#### Assigned task:
Once you find the line with "move=> m_ge; elim: d" in the data that follows, repeat it and every line after it exactly, through the line with "(forall i, (t0".

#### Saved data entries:

Lemma frozen_strategy i m d :
  (t0 <= m)%N -> (m + d <= t0 + T)%N ->
  (forall u, (m <= u < m + d)%N -> p u != i) -> S (m + d)%N i = S m i.
Proof.
move=> m_ge; elim: d => [|d IH] m_le idle; first by rewrite addn0.
rewrite addnS; have [s [_ ->]] : br_step (m + d) by apply: steps; lia.
rewrite upd_other; last by rewrite eq_sym idle //; lia.
apply: IH => [|u u_in]; [lia | apply: idle; lia].
Qed.

Lemma last_move i : exists ti, [/\ (t0 <= ti < t0 + T)%N, p ti = i &
  forall u, (ti < u < t0 + T)%N -> p u != i].
Proof.
have /hasP [t t_in] : has (fun t => true && ((p t == i) != 0%N :> nat))
    (index_iota t0 (t0 + T)) by rewrite -sum_nat_seq_neq0 -lt0n covered.
rewrite /= eqb0 negbK => p_t.
pose P u := (t0 <= u < t0 + T)%N && (p u == i).
have exP : exists u, P u by exists t; rewrite /P -mem_index_iota t_in p_t.
have ubP u : P u -> (u <= t0 + T)%N by move=> /andP [/andP [_ /ltnW]].
case: (ex_maxnP exP ubP) => ti /andP [ti_in /eqP p_ti] ti_max.
exists ti; split => // u u_in; apply/negP => /eqP p_u.
by have := ti_max u; rewrite /P p_u eqxx andbT; lia.
Qed.

Lemma last_moves_agree : exists tf : 'I_n -> nat,
  (forall i, (t0 <= tf i < t0 + T)%N /\ p (tf i) = i) /\
  (forall i l, (tf l <= tf i)%N -> S (tf i).+1 l = S (t0 + T)%N l).
Proof.
have [tf tfP] := fin_all_exists last_move.
have settled l u : (tf l < u <= t0 + T)%N -> S u l = S (tf l).+1 l.
  have [tf_in _ idle] := tfP l; move=> u_in.
  rewrite -(subnKC (_ : (tf l).+1 <= u)%N); last lia.
  by apply: frozen_strategy => [||v v_in]; [lia | lia | apply: idle; lia].
exists tf; split=> [i | i l tf_le]; first by have [] := tfP i.
have [tf_in _ _] := tfP i.
by rewrite (settled l (t0 + T)%N) ?settled //; lia.
Qed.

Variable O : profile n E.
Hypothesis O_feasible : feasible Sigma O.

Section LoadBound.
Variable N : E -> nat.
Hypothesis loads_le : forall u e, (t0 <= u < t0 + T)%N -> (load (S u) e <= N e)%N.

Lemma mover_cost_le u :
  (t0 <= u < t0 + T)%N -> pcost a b (S u.+1) (p u) <= dev_cost O N (p u).
Proof.
move=> u_in; have [s [br ->]] := steps u_in.
by apply: best_response_le br (O_feasible _) _ => e; apply: loads_le.
Qed.

(* Charging each player the cost right after its last move: the cost at the
   end of the segment is at most 2 Q. *)
Lemma final_cost_le :
  scost a b (S (t0 + T)%N) <= 2 * \sum_(i < n) dev_cost O N i.
Proof.
have [tf [tf_in agree]] := last_moves_agree.
apply: le_trans (scost_staggered_le agree) _.
rewrite ler_wpM2l //; apply: ler_sum => i _.
by have [ti_in p_ti] := tf_in i; have := mover_cost_le ti_in; rewrite p_ti.
Qed.

Lemma movers_cost_le (beta : R) :
  (forall i, (nmoves p t0 T i)%:R <= beta) ->
  \sum_(t0 <= u < t0 + T) pcost a b (S u.+1) (p u) <=
  beta * \sum_(i < n) dev_cost O N i.
Proof.
move=> few_moves; apply: le_trans (sum_over_movers (dev_cost_ge0 O N) few_moves).
by apply: ler_sum_nat => u u_in; apply: mover_cost_le.
Qed.

End LoadBound.

Definition peak_load (e : E) : nat := (\max_(k < T) load (S (t0 + k)) e)%N.

Lemma load_le_peak u e : (t0 <= u < t0 + T)%N -> (load (S u) e <= peak_load e)%N.
Proof.
move=> u_in; have k_lt : (u - t0 < T)%N by lia.
have := @leq_bigmax _ (fun k : 'I_T => load (S (t0 + k)) e) (Ordinal k_lt).
by rewrite /= subnKC //; lia.
Qed.

Lemma load_sq_growth e d : (d <= T)%N ->
  (load (S (t0 + d)) e ^ 2 <= load (S t0) e ^ 2 +
    2 * \sum_(t0 <= u < t0 + d) (e \in S u.+1 (p u)) * load (S u.+1) e)%N.
Proof.
elim: d => [|d IH] d_le; first by rewrite addn0 big_geq // addn0.
rewrite addnS big_nat_recr /=; last lia.
have [s [_ S_next]] : br_step (t0 + d) by apply: steps; lia.
rewrite S_next upd_same.
apply: leq_trans (sq_step (load_upd (S (t0 + d)) (p (t0 + d)) s e)) _.
have := IH (ltnW d_le); lia.
Qed.

Lemma peak_potential_le :
  \sum_e a e * ((peak_load e) ^ 2)%N%:R <=
  scost a b (S t0) + 2 * \sum_(t0 <= u < t0 + T) pcost a b (S u.+1) (p u).
Proof.
have peak_sq e : (peak_load e ^ 2 <= load (S t0) e ^ 2 +
    2 * \sum_(t0 <= u < t0 + T) (e \in S u.+1 (p u)) * load (S u.+1) e)%N.
  set B := (_ + _)%N; rewrite /peak_load.
  apply: (big_ind (fun m => m ^ 2 <= B)%N) => [//|x y le_x le_y|k _].
    by case/orP: (leq_total x y) => xy; rewrite ?(maxn_idPr xy) ?(maxn_idPl xy).
  apply: leq_trans (load_sq_growth e (ltnW (ltn_ord k))) _.
  rewrite leq_add2l leq_mul2l /= (@big_cat_nat _ _ _ (t0 + k) t0 (t0 + T)) ?leq_addr //=.
  by rewrite leq_add2l ltnW.
apply: (@le_trans _ _ (\sum_e a e * (load (S t0) e ^ 2 + 2 *
  \sum_(t0 <= u < t0 + T) (e \in S u.+1 (p u)) * load (S u.+1) e)%N%:R)).
  by apply: ler_sum => e _; rewrite ler_wpM2l // ler_nat.
rewrite (eq_bigr (fun e => a e * (load (S t0) e ^ 2)%N%:R + 2 *
  \sum_(t0 <= u < t0 + T) a e * ((e \in S u.+1 (p u)) * load (S u.+1) e)%N%:R));
  last by move=> e _; rewrite natrD natrM natr_sum mulrDr mulrCA -mulr_sumr.
rewrite big_split /= -mulr_sumr exchange_big /=.
apply: lerD; first exact: sq_load_le_scost.
by rewrite ler_wpM2l // ler_sum_nat // => u _; apply: congestion_le_pcost.
Qed.

Lemma first_segment_le :
  scost a b (S (t0 + T)%N) <= 2 * (n + 1)%:R * scost a b O.
Proof.
have loads_le u e : (t0 <= u < t0 + T)%N -> (load (S u) e <= (fun=> n) e)%N.
  by move=> _; apply: load_le_n.
apply: le_trans (final_cost_le loads_le) _.
by rewrite -mulrA ler_wpM2l ?dev_cost_trivial_le.
Qed.

Lemma segment_recursion (beta nu : R) :
  (forall i, (nmoves p t0 T i)%:R <= beta) -> 0 <= beta -> 0 < nu ->
  2 * beta <= nu ->
  nu * scost a b (S (t0 + T)%N) <=
  2 * scost a b (S t0) + 2 * nu ^+ 2 * scost a b O + 4 * nu * scost a b O.
Proof.
move=> few_moves beta_ge0 nu_gt0 nu_ge.
have loads_le := load_le_peak.
have Q_ge0 : 0 <= \sum_(i < n) dev_cost O peak_load i.
  by apply: sumr_ge0 => i _; apply: dev_cost_ge0.
have final := final_cost_le loads_le.
have movers := movers_cost_le loads_le few_moves.
have potential := peak_potential_le.
have amgm := dev_cost_amgm_le O peak_load nu_gt0.
set Q := \sum_(i < n) _ in Q_ge0 final movers amgm.
(* as 2 beta Q <= nu Q, the last three estimates give nu Q <= C(start) + ... *)
have beta_Q : 2 * beta * Q <= nu * Q by rewrite ler_wpM2r.
have nu_Q : nu * Q <= scost a b (S t0) + nu ^+ 2 * scost a b O +
                      2 * nu * scost a b O by lra.
have := ler_wpM2l (ltW nu_gt0) final; lra.
Qed.

End Segment.

Section Dynamics.
Variables (beta : R) (S : nat -> profile n E) (p : nat -> 'I_n) (T L : nat).
Variable O : profile n E.
Hypotheses (beta_ge1 : 1 <= beta) (O_feasible : feasible Sigma O).
Hypothesis steps : forall t, (t < L * T)%N -> br_step S p t.
Hypothesis fair : forall j, (j < L)%N -> bounded_covering p beta T j.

#### Solution to this exercise:
move=> m_ge; elim: d => [|d IH] m_le idle; first by rewrite addn0.
rewrite addnS; have [s [_ ->]] : br_step (m + d) by apply: steps; lia.
rewrite upd_other; last by rewrite eq_sym idle //; lia.
apply: IH => [|u u_in]; [lia | apply: idle; lia].
Qed.

Lemma last_move i : exists ti, [/\ (t0 <= ti < t0 + T)%N, p ti = i &
  forall u, (ti < u < t0 + T)%N -> p u != i].
Proof.
have /hasP [t t_in] : has (fun t => true && ((p t == i) != 0%N :> nat))
    (index_iota t0 (t0 + T)) by rewrite -sum_nat_seq_neq0 -lt0n covered.
rewrite /= eqb0 negbK => p_t.
pose P u := (t0 <= u < t0 + T)%N && (p u == i).
have exP : exists u, P u by exists t; rewrite /P -mem_index_iota t_in p_t.
have ubP u : P u -> (u <= t0 + T)%N by move=> /andP [/andP [_ /ltnW]].
case: (ex_maxnP exP ubP) => ti /andP [ti_in /eqP p_ti] ti_max.
exists ti; split => // u u_in; apply/negP => /eqP p_u.
by have := ti_max u; rewrite /P p_u eqxx andbT; lia.
Qed.

Lemma last_moves_agree : exists tf : 'I_n -> nat,
  (forall i, (t0 <= tf i < t0 + T)%N /\ p (tf i) = i) /\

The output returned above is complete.